(* Let $n\ge2$, $0\le\alpha<1$, $\sigma=1-\alpha^2$, and let $M$ be the matrix of $S^*(\phi_{-\alpha})$, where $\phi_{-\alpha}(z)=\left(\dfrac{z+\alpha}{1+\alpha z}\right)^n$; explicitly $M$ is the $n\times n$ upper triangular Toeplitz matrix with $-\alpha$ on the diagonal, $\sigma$ on the first superdiagonal and $\sigma\alpha^{j-1}$ on the $j$-th superdiagonal ($1\le j\le n-1$). For real $\theta$ and real $\lambda$ with $|\lambda|<1$, let $D_n(\lambda,\theta)=\det\big(\mathscr{R}e(e^{-i\theta}M)-\lambda I_n\big)$. Then $$D_{n}(\lambda,\theta)=\dfrac{(1-\lambda^{2})^{-\frac{1}{2}}}{2^n}\,\mathscr{R}e\Bigg(\left(\left(1-\lambda^{2}\right)^{\frac{1}{2}}+i\lambda\right)\left(-2\alpha\cos\theta-(1+\alpha^{2})\lambda+i(1-\alpha^{2})(1-\lambda^{2})^{\frac{1}{2}}\right)^n\Bigg).$$
   Context: $\mathscr{R}e(X)=\frac12(X+X^* )$ for a matrix $X$, and $\mathscr{R}e(z)$ is the real part of a complex number $z$. $S^*(\phi)$ denotes the restriction of the backward shift $S^*f=(f-f(0))/z$ to the model space $\mathbb{H}^2\ominus\phi\mathbb{H}^2$. *)

From HB Require Import structures.
From mathcomp Require Import all_boot all_order all_algebra.
From mathcomp Require Import all_classical all_reals all_analysis.
From mathcomp Require Import complex.
Set Implicit Arguments. Unset Strict Implicit. Unset Printing Implicit Defensive.
Import Order.TTheory GRing.Theory Num.Theory.
Local Open Scope ring_scope.
Local Open Scope complex_scope.

Definition Smat (R : realType) (n : nat) (alpha : R) : 'M[R[i]]_n :=
  \matrix_(i < n, j < n)
    (if i == j then (- alpha)%:C
     else if (i < j)%N then ((1 - alpha ^+ 2) * alpha ^+ (j - i).-1)%:C
     else 0).

Definition adjmx (R : realType) (n : nat) (X : 'M[R[i]]_n) : 'M[R[i]]_n :=
  (map_mx conjc X)^T.
Definition ReMx (R : realType) (n : nat) (X : 'M[R[i]]_n) : 'M[R[i]]_n :=
  (2^-1 : R[i]) *: (X + adjmx X).

Definition expiC (R : realType) (theta : R) : R[i] := cos theta +i* sin theta.

Definition Dn (R : realType) (n : nat) (alpha lambda theta : R) : R[i] :=
  \det (ReMx (expiC (- theta) *: Smat n alpha) - (lambda%:C)%:M).

From HB Require Import structures.
From mathcomp Require Import all_boot all_order all_algebra.
From mathcomp Require Import all_classical all_reals all_analysis.
From mathcomp Require Import complex ring.
Set Implicit Arguments. Unset Strict Implicit. Unset Printing Implicit Defensive.
Import Order.TTheory GRing.Theory Num.Theory.
Local Open Scope ring_scope.

(* Off the diagonal, the entries of Re(e^{-i theta} M) - lambda I are geometric
   in alpha along rows and columns.  Subtracting alpha times row (column) m from
   row (column) m+1 therefore clears the last row and column except for a 2x2
   corner, and D_n satisfies D_{n+2} = x D_{n+1} - (x^2 + y^2)/4 D_n, where
   z = x + i y is the complex number raised to the n-th power in the statement.
   With u = sqrt(1 - lambda^2) + i lambda, the right-hand side
   Re(u z^n) / (sqrt(1 - lambda^2) 2^n) obeys the same recurrence, because z
   is a root of X^2 - 2 x X + x^2 + y^2, and the two sides agree for n = 0, 1. *)

Section BorderedDeterminant.

Variable R : comNzRingType.
Implicit Types (f : nat -> nat -> R) (a : R).

Definition sqmx f k : 'M[R]_k := \matrix_(i < k, j < k) f i j.

Definition elimmx a m : 'M[R]_(m.+2) :=
  \matrix_(i, j) ((i == j :> nat)%:R - a * ((i == m.+1 :> nat) && (j == m :> nat))%:R).

Lemma det_elimmx a m : \det (elimmx a m) = 1.
Proof.
rewrite det_trig.
  apply: big1 => i _; rewrite mxE eqxx /=.
  case: (eqVneq (val i) m) => [->|_]; last by rewrite andbF mulr0 subr0.
  by rewrite (ltn_eqF (ltnSn m)) mulr0 subr0.
apply/forallP => i; apply/forallP => j; apply/implyP => lt_ij.
rewrite mxE (ltn_eqF lt_ij) /=.
case: (eqVneq (val i) m.+1) => [ei|_]; last by rewrite mulr0 subr0.
case: (eqVneq (val j) m) => [ej|_]; last by rewrite mulr0 subr0.
by move: lt_ij; rewrite ei ej ltnNge leqnSn.
Qed.

Lemma elimmx_mulE a m (A : 'M[R]_(m.+2)) i j :
  (elimmx a m *m A) i j = A i j - a * ((i == m.+1 :> nat)%:R * A (inord m) j).
Proof.
rewrite mxE; under eq_bigr => k _ do rewrite mxE mulrBl.
rewrite sumrB; congr (_ - _).
  rewrite (bigD1 i) //= eqxx mul1r big1 ?addr0 // => k ki.
  by rewrite eq_sym val_eqE (negbTE ki) mul0r.
rewrite (bigD1 (inord m)) //= inordK // eqxx andbT big1 ?addr0 ?mulrA // => k km.
case: (eqVneq (val k) m) => [ek|_]; last by rewrite andbF mulr0 mul0r.
by move: km; rewrite -val_eqE /= inordK // ek eqxx.
Qed.

Lemma mul_elimmx_trE a m (A : 'M[R]_(m.+2)) i j :
  (A *m (elimmx a m)^T) i j = A i j - a * ((j == m.+1 :> nat)%:R * A i (inord m)).
Proof. by rewrite -[A]trmxK -trmx_mul mxE elimmx_mulE !mxE. Qed.

Lemma elimmx_congrE f a m i j :
  (elimmx a m *m sqmx f m.+2 *m (elimmx a m)^T) i j =
  (f i j - a * ((i == m.+1 :> nat)%:R * f m j))
  - a * ((j == m.+1 :> nat)%:R * (f i m - a * ((i == m.+1 :> nat)%:R * f m m))).
Proof. by rewrite mul_elimmx_trE !elimmx_mulE !mxE !inordK. Qed.

Lemma bump_small h k : (k < h)%N -> bump h k = k.
Proof. by move=> lt_kh; rewrite /bump leqNgt lt_kh. Qed.

Lemma bump_large h k : (h <= k)%N -> bump h k = k.+1.
Proof. by move=> le_hk; rewrite /bump le_hk add1n. Qed.

(* Congruence by [elimmx a m] clears the last row and column outside the final
   2x2 block; two Laplace expansions then leave a three-term recurrence. *)
Lemma det_sqmx_rec f a m :
  (forall i, (i < m)%N -> f i m.+1 = a * f i m) ->
  (forall j, (j < m)%N -> f m.+1 j = a * f m j) ->
  \det (sqmx f m.+2) =
   (f m.+1 m.+1 - a * f m m.+1 - a * f m.+1 m + a ^+ 2 * f m m) * \det (sqmx f m.+1)
   - (f m m.+1 - a * f m m) * (f m.+1 m - a * f m m) * \det (sqmx f m).
Proof.
move=> f_col f_row.
have -> : \det (sqmx f m.+2) = \det (elimmx a m *m sqmx f m.+2 *m (elimmx a m)^T).
  by rewrite !det_mulmx det_tr det_elimmx mul1r mulr1.
have KE (i j : 'I_m.+2) := elimmx_congrE f a i j.
set K := elimmx a m *m sqmx f m.+2 *m (elimmx a m)^T in KE *.
clearbody K.
have lt_m_Sm := ltnSn m.
rewrite (expand_det_col K ord_max) !big_ord_recr /= big1; last first.
  move=> i _; rewrite KE /= (ltn_eqF (ltn_trans (ltn_ord i) lt_m_Sm)) eqxx.
  by rewrite !mul0r !mulr0 !subr0 mul1r f_col // subrr mul0r.
rewrite add0r !KE /= eqxx (ltn_eqF lt_m_Sm) !mul0r !mulr0 !subr0 !mul1r.
have minor_max : \det (row' ord_max (col' ord_max K)) = \det (sqmx f m.+1).
  congr (\det _); apply/matrixP => i j; rewrite !mxE KE !lift_max /=.
  by rewrite !(ltn_eqF (ltn_ord _)) !mul0r !mulr0 !subr0.
have minor_pen : \det (row' (widen_ord (leqnSn m.+1) ord_max) (col' ord_max K))
    = (f m.+1 m - a * f m m) * \det (sqmx f m).
  rewrite (expand_det_row _ ord_max) big_ord_recr /= big1 ?add0r; last first.
    move=> j _; have lt_jm := ltn_ord j.
    rewrite !mxE KE /= bump_large // !bump_small ?(ltn_trans lt_jm) // eqxx.
    rewrite (ltn_eqF (ltn_trans lt_jm lt_m_Sm)) mul0r mulr0 subr0 mul1r.
    by rewrite f_row // subrr mul0r.
  rewrite !mxE KE /= bump_large // bump_small // eqxx (ltn_eqF lt_m_Sm).
  rewrite mul0r mulr0 subr0 mul1r /cofactor -signr_odd oddD addbb expr0 mul1r.
  congr (_ * \det _); apply/matrixP => i j; rewrite !mxE KE /=.
  rewrite !(bump_small (ltn_ord i)) (bump_small (ltn_ord j)).
  rewrite (bump_small (ltnW (ltn_ord j) : (j < m.+1)%N)).
  by rewrite !(ltn_eqF (ltn_trans (ltn_ord _) lt_m_Sm)) !mul0r !mulr0 !subr0.
rewrite /cofactor /= minor_max minor_pen.
have -> : (-1) ^+ (m + m.+1) = -1 :> R by rewrite -signr_odd addnS /= oddD addbb.
have -> : (-1) ^+ (m.+1 + m.+1) = 1 :> R by rewrite -signr_odd oddD addbb.
set D1 := \det (sqmx f m.+1); set D0 := \det (sqmx f m).
ring.
Qed.

End BorderedDeterminant.

Lemma eq_rec2 (R : pzRingType) (p q : R) (u v : nat -> R) :
  (forall n, u n.+2 = p * u n.+1 - q * u n) ->
  (forall n, v n.+2 = p * v n.+1 - q * v n) ->
  u 0%N = v 0%N -> u 1%N = v 1%N -> u =1 v.
Proof.
move=> u_rec v_rec uv0 uv1.
suff uv n : u n = v n /\ u n.+1 = v n.+1 by move=> n; case: (uv n).
elim: n => [|n [uvn uvSn]]; first by [].
by rewrite u_rec v_rec uvn uvSn.
Qed.

Local Open Scope complex_scope.

Lemma Re_mul_exprSS (R : rcfType) (u z : R[i]) n :
  complex.Re (u * z ^+ n.+2) =
  2 * complex.Re z * complex.Re (u * z ^+ n.+1)
  - (complex.Re z ^+ 2 + complex.Im z ^+ 2) * complex.Re (u * z ^+ n).
Proof.
rewrite !exprSr !mulrA; case: (u * _ ^+ n) => a b; case: z => x y; simpc => /=; ring.
Qed.

Section ReSmatDet.

Variables (R : rcfType) (al c s l sq : R).
Hypothesis cs2 : c ^+ 2 + s ^+ 2 = 1.
Hypothesis sq2 : sq ^+ 2 = 1 - l ^+ 2.
Hypothesis sq_gt0 : 0 < sq.

Definition ReSmat_entry (i j : nat) : R[i] :=
  if i == j then (- (al * c) - l)%:C
  else if (i < j)%N then ((1 - al ^+ 2) / 2 * al ^+ (j - i).-1)%:C * (c -i* s)
  else ((1 - al ^+ 2) / 2 * al ^+ (i - j).-1)%:C * (c +i* s).

Lemma predn_subSn i m : (i < m)%N -> (m.+1 - i).-1 = (m - i).-1.+1.
Proof. by move=> lt_im; rewrite subSn 1?ltnW // prednK // subn_gt0. Qed.

Lemma ReSmat_entry_col i m : (i < m)%N ->
  ReSmat_entry i m.+1 = al%:C * ReSmat_entry i m.
Proof.
move=> lt_im; have lt_iSm := ltn_trans lt_im (ltnSn m).
rewrite /ReSmat_entry (ltn_eqF lt_im) (ltn_eqF lt_iSm) lt_im lt_iSm predn_subSn //.
by rewrite (exprS al (m - i).-1) mulrCA rmorphM mulrA.
Qed.

Lemma ReSmat_entry_row j m : (j < m)%N ->
  ReSmat_entry m.+1 j = al%:C * ReSmat_entry m j.
Proof.
move=> lt_jm; have lt_jSm := ltn_trans lt_jm (ltnSn m).
rewrite /ReSmat_entry (gtn_eqF lt_jm) (gtn_eqF lt_jSm).
rewrite ltnNge (ltnW lt_jSm) ltnNge (ltnW lt_jm) /= predn_subSn //.
by rewrite (exprS al (m - j).-1) mulrCA rmorphM mulrA.
Qed.

Definition ReSmat_root : R[i] :=
  (- 2 * al * c - (1 + al ^+ 2) * l) +i* ((1 - al ^+ 2) * sq).

Lemma ReSmat_det_rec m :
  \det (sqmx ReSmat_entry m.+2) =
   (complex.Re ReSmat_root)%:C * \det (sqmx ReSmat_entry m.+1)
   - ((complex.Re ReSmat_root ^+ 2 + complex.Im ReSmat_root ^+ 2) / 4)%:C
     * \det (sqmx ReSmat_entry m).
Proof.
rewrite (det_sqmx_rec (a := al%:C)); last first.
- by move=> j /ReSmat_entry_row.
- by move=> i /ReSmat_entry_col.
rewrite /ReSmat_entry !eqxx (ltn_eqF (ltnSn m)) (gtn_eqF (ltnSn m)) ltnSn.
rewrite ltnNge leqnSn /= subSn // subnn /= expr0 mulr1.
congr (_ * _ - _ * _); simpc; congr (_ +i* _); [by field | | by ring].
have -> : (1 - al ^+ 2) / 2 * s * ((1 - al ^+ 2) / 2 * s)
          = ((1 - al ^+ 2) / 2) ^+ 2 * s ^+ 2 by ring.
have -> : s ^+ 2 = 1 - c ^+ 2 by rewrite -cs2 addrAC subrr add0r.
by rewrite [(_ * sq) ^+ 2]exprMn sq2; field.
Qed.

Lemma ReSmat_det_closed n :
  \det (sqmx ReSmat_entry n) =
  (complex.Re ((sq +i* l) * ReSmat_root ^+ n) / (sq * 2 ^+ n))%:C.
Proof.
have sq_neq0 : sq != 0 by rewrite gt_eqF.
move: n; apply: (eq_rec2 ReSmat_det_rec) => [k||].
- rewrite Re_mul_exprSS -!rmorphM -rmorphB; congr (_%:C).
  by rewrite !exprS; field; rewrite expf_neq0 // pnatr_eq0.
- by rewrite det_mx00 expr0 mulr1 /= mulr1 divff.
- rewrite det_mx11 mxE /ReSmat_entry expr1 /=; simpc; congr (_ +i* _).
  by field.
Qed.

End ReSmatDet.

Lemma Dn_ReSmat_det (R : realType) n (al l th : R) :
  Dn n al l th = \det (sqmx (ReSmat_entry al (cos th) (sin th) l) n).
Proof.
rewrite /Dn /ReMx /adjmx; congr (\det _); apply/matrixP => i j; rewrite !mxE.
rewrite /expiC cosN sinN /ReSmat_entry -!val_eqE /=.
have -> : (2^-1 : R[i]) = (2^-1 : R)%:C by rewrite fmorphV /= rmorph_nat.
case: ltngtP => _; rewrite ?mulr0n ?mulr1n; simpc; congr (_ +i* _).
1-4: by ring.
by field.
Qed.

Unset Implicit Arguments.

Theorem mainTheorem7 (R : realType) (n : nat) (alpha theta lambda : R) :
  (2 <= n)%N -> 0 <= alpha -> alpha < 1 -> `|lambda| < 1 ->
  Dn n alpha lambda theta =
  ((Num.sqrt (1 - lambda ^+ 2))^-1 / 2 ^+ n)%:C *
  (complex.Re ((Num.sqrt (1 - lambda ^+ 2) +i* lambda) *
       ((- 2 * alpha * cos theta - (1 + alpha ^+ 2) * lambda)
          +i* ((1 - alpha ^+ 2) * Num.sqrt (1 - lambda ^+ 2))) ^+ n))%:C.
Proof.
move=> _ _ _ lt_l1.
set sq := Num.sqrt (1 - lambda ^+ 2).
have sq_gt0 : 0 < sq.
  by rewrite sqrtr_gt0 subr_gt0 -real_normK ?num_real // expr_lt1.
have sq2 : sq ^+ 2 = 1 - lambda ^+ 2 by rewrite sqr_sqrtr // ltW // -sqrtr_gt0.
rewrite Dn_ReSmat_det (ReSmat_det_closed alpha (cos2Dsin2 theta) sq2 sq_gt0).
by rewrite -rmorphM invfM mulrC.
Qed.
(* Let $G$ be a claw-free graph (i.e., $G$ contains no induced subgraph isomorphic to $K_{1,3}$). Then $\alpha_{\mathrm{od}}(G)=\alpha(G^2)$ and $\chi_{\mathrm{so}}(G)=\chi(G^2)$.
   Context: All graphs are finite, simple and undirected. For a vertex $v$, $N(v)$ is its open neighborhood. An odd independent set in a graph $G=(V,E)$ is an independent set $S\subseteq V$ such that for every $v\in V\setminus S$, either $N(v)\cap S=\varnothing$ or $|N(v)\cap S|$ is odd. $\alpha_{\mathrm{od}}(G)$ denotes the maximum size of an odd independent set of $G$. A strong odd coloring of $G$ is a proper vertex coloring such that for every vertex $v$, each color used on $N(v)$ appears an odd number of times in $N(v)$; $\chi_{\mathrm{so}}(G)$ is the minimum number of colors in a strong odd coloring. $G^2$ is the square of $G$: same vertex set, two distinct vertices adjacent iff their distance in $G$ is at most $2$. $\alpha$ and $\chi$ denote independence number and chromatic number. *)

From mathcomp Require Import all_boot.
Set Implicit Arguments. Unset Strict Implicit. Unset Printing Implicit Defensive.

Section Graphs.
Variables (T : finType) (e : rel T).

Definition simple_graph := irreflexive e /\ symmetric e.

Definition nbhd (v : T) : {set T} := [set u | e v u].

Definition claw_free : Prop :=
  ~ exists v x y z : T,
      [/\ e v x, e v y, e v z
        & [/\ x != y, x != z, y != z & [&& ~~ e x y, ~~ e x z & ~~ e y z]]].

Definition sq_rel : rel T :=
  fun x y => (x != y) && (e x y || [exists z, e x z && e z y]).

Definition independent (S : {set T}) : bool :=
  [forall x in S, forall y in S, ~~ e x y].

Definition odd_independent (S : {set T}) : bool :=
  independent S &&
  [forall v in ~: S, (#|nbhd v :&: S| == 0) || odd #|nbhd v :&: S|].

Definition alpha : nat := \max_(S : {set T} | independent S) #|S|.
Definition alpha_od : nat := \max_(S : {set T} | odd_independent S) #|S|.

Definition proper_col (k : nat) (f : {ffun T -> 'I_k}) : bool :=
  [forall x, forall y, e x y ==> (f x != f y)].

Definition strong_odd_col (k : nat) (f : {ffun T -> 'I_k}) : bool :=
  proper_col f &&
  [forall v, forall c : 'I_k,
    (#|[set u in nbhd v | f u == c]| == 0) || odd #|[set u in nbhd v | f u == c]|].

Definition colorable (k : nat) : bool := [exists f : {ffun T -> 'I_k}, proper_col f].
Definition so_colorable (k : nat) : bool :=
  [exists f : {ffun T -> 'I_k}, strong_odd_col f].

Hypothesis (eirr : irreflexive e).

Lemma so_colorable_card : so_colorable #|T|.
Proof.
apply/existsP; exists [ffun x => enum_rank x]; apply/andP; split.
  apply/forallP => x; apply/forallP => y; apply/implyP => exy.
  rewrite !ffunE; apply/negP => /eqP /enum_rank_inj Exy.
  by move: exy; rewrite Exy eirr.
apply/forallP => v; apply/forallP => c; apply/orP.
have: #|[set u in nbhd v | [ffun x => enum_rank x] u == c]| <= 1.
  apply/card_le1_eqP => x y; rewrite !inE !ffunE => /andP[_ /eqP hx] /andP[_ /eqP hy].
  by apply: enum_rank_inj; rewrite hx hy.
by case: #|_| => [|[|]] //= _; [left | right].
Qed.

Lemma colorable_card : colorable #|T|.
Proof.
case/existsP: so_colorable_card => f /andP[pf _]; by apply/existsP; exists f.
Qed.

End Graphs.

Definition chi (T : finType) (e : rel T) (he : irreflexive e) : nat :=
  ex_minn (ex_intro (colorable e) #|T| (colorable_card he)).

Definition chi_so (T : finType) (e : rel T) (he : irreflexive e) : nat :=
  ex_minn (ex_intro (so_colorable e) #|T| (so_colorable_card he)).

Lemma sq_rel_irr (T : finType) (e : rel T) : irreflexive (sq_rel e).
Proof. by move=> x; rewrite /sq_rel eqxx. Qed.

(** In a claw-free graph the pairwise non-adjacent neighbours of a vertex are
    at most two, so if their number is zero or odd it is at most one.  Hence a
    set [S] that is independent in [G] meets every neighbourhood in zero or an
    odd number of vertices exactly when it meets every neighbourhood in at most
    one vertex, i.e. exactly when [S] is independent in [G^2].  Applied to [S]
    itself this identifies odd independent sets of [G] with independent sets of
    [G^2]; applied to the colour classes it identifies strong odd colourings of
    [G] with proper colourings of [G^2]. *)

From mathcomp Require Import all_boot.

Set Implicit Arguments.
Unset Strict Implicit.
Unset Printing Implicit Defensive.

Definition odd_or_empty (n : nat) : bool := (n == 0) || odd n.

Lemma odd_or_empty_le1 n : n <= 1 -> odd_or_empty n.
Proof. by case: n => [|[]]. Qed.

Lemma odd_or_empty_le2 n : odd_or_empty n -> n <= 2 -> n <= 1.
Proof. by case: n => [|[|[]]]. Qed.

Section Independence.
Variables (T : finType) (e : rel T).

Lemma independentP (S : {set T}) :
  reflect {in S &, forall x y, ~~ e x y} (independent e S).
Proof.
apply: (iffP forall_inP) => [h x y xS | h x xS]; first by move: (h x xS) => /forall_inP; apply.
by apply/forall_inP => y; apply: h.
Qed.

Definition colour_class k (f : {ffun T -> 'I_k}) (c : 'I_k) : {set T} :=
  [set u | f u == c].

Lemma proper_colE k (f : {ffun T -> 'I_k}) :
  proper_col e f = [forall c, independent e (colour_class f c)].
Proof.
apply/forallP/forallP => [h c | h x].
  apply/independentP => x y; rewrite !inE => /eqP fx /eqP fy.
  by apply/negP => exy; have /forallP/(_ y) := h x; rewrite exy fx fy eqxx.
apply/forallP => y; apply/implyP => exy; apply/negP => /eqP fxy.
by have /independentP/(_ x y) := h (f x); rewrite !inE fxy eqxx exy => /(_ isT isT).
Qed.

Lemma strong_odd_colE k (f : {ffun T -> 'I_k}) :
  strong_odd_col e f =
  [forall c, independent e (colour_class f c) &&
             [forall v, odd_or_empty #|nbhd e v :&: colour_class f c|]].
Proof.
have classE v c : [set u in nbhd e v | f u == c] = nbhd e v :&: colour_class f c.
  by apply/setP => u; rewrite !inE.
rewrite /strong_odd_col proper_colE.
apply/andP/forallP => [[/forallP ind /forallP odd_nbhd] c | h].
  rewrite ind; apply/forallP => v.
  by have /forallP/(_ c) := odd_nbhd v; rewrite classE.
split; first by apply/forallP => c; case/andP: (h c).
apply/forallP => v; apply/forallP => c.
by case/andP: (h c) => _ /forallP/(_ v); rewrite classE.
Qed.

Lemma odd_independentE (S : {set T}) :
  odd_independent e S =
  independent e S && [forall v, odd_or_empty #|nbhd e v :&: S|].
Proof.
rewrite /odd_independent; case: (boolP (independent e S)) => //= /independentP indS.
apply/forall_inP/forallP => [h v | h v _]; last exact: h.
have [vS | vNS] := boolP (v \in S); last by apply: h; rewrite inE.
suff -> : nbhd e v :&: S = set0 by rewrite cards0.
apply/setP => u; rewrite !inE.
by apply/negP => /andP[evu uS]; move: (indS v u vS uS); rewrite evu.
Qed.

End Independence.

Section ClawFree.
Variables (T : finType) (e : rel T).
Hypotheses (he : irreflexive e) (hs : symmetric e).

Lemma sq_rel_independentE (S : {set T}) :
  independent (sq_rel e) S =
  independent e S && [forall v, #|nbhd e v :&: S| <= 1].
Proof.
apply/independentP/andP => [ind2 | [/independentP ind /forallP le1] x y xS yS].
  split.
    apply/independentP => x y xS yS; have [-> | xy] := eqVneq x y; first by rewrite he.
    by have := ind2 x y xS yS; rewrite /sq_rel xy negb_or => /andP[].
  apply/forallP => v; apply/card_le1_eqP => x y.
  rewrite !inE => /andP[vx xS] /andP[vy yS]; apply: contraTeq (ind2 x y xS yS) => yx.
  rewrite /sq_rel negbK eq_sym yx; apply/orP; right.
  by apply/existsP; exists v; rewrite (hs x v) vx vy.
rewrite /sq_rel negb_and negb_or ind //=; have [//= | xy] := eqVneq x y.
apply/existsPn => z; apply/negP => /andP[xz zy].
have /card_le1_eqP/(_ x y) := le1 z; rewrite !inE (hs z x) xz zy xS yS.
by move=> /(_ isT isT) exy; rewrite exy eqxx in xy.
Qed.

Hypothesis cf : claw_free e.

Lemma claw_free_nbhd_independent v (A : {set T}) :
  A \subset nbhd e v -> independent e A -> #|A| <= 2.
Proof.
move=> /subsetP Av /independentP indA; rewrite leqNgt; apply/negP.
case/card_gt2P => x [y [z [[xA yA zA] [xy yz zx]]]]; apply: cf.
have evA u : u \in A -> e v u by move/Av; rewrite inE.
exists v, x, y, z; split; rewrite ?evA //.
by split; rewrite 1?[x == z]eq_sym ?indA.
Qed.

Lemma claw_free_odd_or_emptyE (S : {set T}) v :
  independent e S ->
  odd_or_empty #|nbhd e v :&: S| = (#|nbhd e v :&: S| <= 1).
Proof.
move=> /independentP indS; apply/idP/idP => [/odd_or_empty_le2 | ]; last first.
  exact: odd_or_empty_le1.
apply; apply: (claw_free_nbhd_independent (v := v)); first exact: subsetIl.
by apply/independentP => x y /setIP[_ xS] /setIP[_ yS]; apply: indS.
Qed.

Lemma claw_free_independent_sq (S : {set T}) :
  independent e S && [forall v, odd_or_empty #|nbhd e v :&: S|] =
  independent (sq_rel e) S.
Proof.
rewrite sq_rel_independentE; case: (boolP (independent e S)) => //= indS.
by apply: eq_forallb => v; apply: claw_free_odd_or_emptyE.
Qed.

Lemma odd_independent_sq (S : {set T}) :
  odd_independent e S = independent (sq_rel e) S.
Proof. by rewrite odd_independentE claw_free_independent_sq. Qed.

Lemma strong_odd_col_sq k (f : {ffun T -> 'I_k}) :
  strong_odd_col e f = proper_col (sq_rel e) f.
Proof.
rewrite strong_odd_colE proper_colE.
by apply: eq_forallb => c; apply: claw_free_independent_sq.
Qed.

End ClawFree.

Theorem theorem1 (T : finType) (e : rel T) (he : irreflexive e) (hs : symmetric e) :
  claw_free e ->
  alpha_od e = alpha (sq_rel e) /\ chi_so he = chi (sq_rel_irr e).
Proof.
move=> cf; split.
  by apply: eq_bigl => S; apply: odd_independent_sq.
apply: eq_ex_minn => k; apply: eq_existsb => f.
exact: strong_odd_col_sq.
Qed.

■ Your goal
An exact, complete copy of the lines above from the one with "[forall c, independent e (colour_class f c) &&" through the one with "by apply/existsP; exists v;" is the whole answer.

■ Problem solution
  [forall c, independent e (colour_class f c) &&
             [forall v, odd_or_empty #|nbhd e v :&: colour_class f c|]].
Proof.
have classE v c : [set u in nbhd e v | f u == c] = nbhd e v :&: colour_class f c.
  by apply/setP => u; rewrite !inE.
rewrite /strong_odd_col proper_colE.
apply/andP/forallP => [[/forallP ind /forallP odd_nbhd] c | h].
  rewrite ind; apply/forallP => v.
  by have /forallP/(_ c) := odd_nbhd v; rewrite classE.
split; first by apply/forallP => c; case/andP: (h c).
apply/forallP => v; apply/forallP => c.
by case/andP: (h c) => _ /forallP/(_ v); rewrite classE.
Qed.

Lemma odd_independentE (S : {set T}) :
  odd_independent e S =
  independent e S && [forall v, odd_or_empty #|nbhd e v :&: S|].
Proof.
rewrite /odd_independent; case: (boolP (independent e S)) => //= /independentP indS.
apply/forall_inP/forallP => [h v | h v _]; last exact: h.
have [vS | vNS] := boolP (v \in S); last by apply: h; rewrite inE.
suff -> : nbhd e v :&: S = set0 by rewrite cards0.
apply/setP => u; rewrite !inE.
by apply/negP => /andP[evu uS]; move: (indS v u vS uS); rewrite evu.
Qed.

End Independence.

Section ClawFree.
Variables (T : finType) (e : rel T).
Hypotheses (he : irreflexive e) (hs : symmetric e).

Lemma sq_rel_independentE (S : {set T}) :
  independent (sq_rel e) S =
  independent e S && [forall v, #|nbhd e v :&: S| <= 1].
Proof.
apply/independentP/andP => [ind2 | [/independentP ind /forallP le1] x y xS yS].
  split.
    apply/independentP => x y xS yS; have [-> | xy] := eqVneq x y; first by rewrite he.
    by have := ind2 x y xS yS; rewrite /sq_rel xy negb_or => /andP[].
  apply/forallP => v; apply/card_le1_eqP => x y.
  rewrite !inE => /andP[vx xS] /andP[vy yS]; apply: contraTeq (ind2 x y xS yS) => yx.
  rewrite /sq_rel negbK eq_sym yx; apply/orP; right.
  by apply/existsP; exists v; rewrite (hs x v) vx vy.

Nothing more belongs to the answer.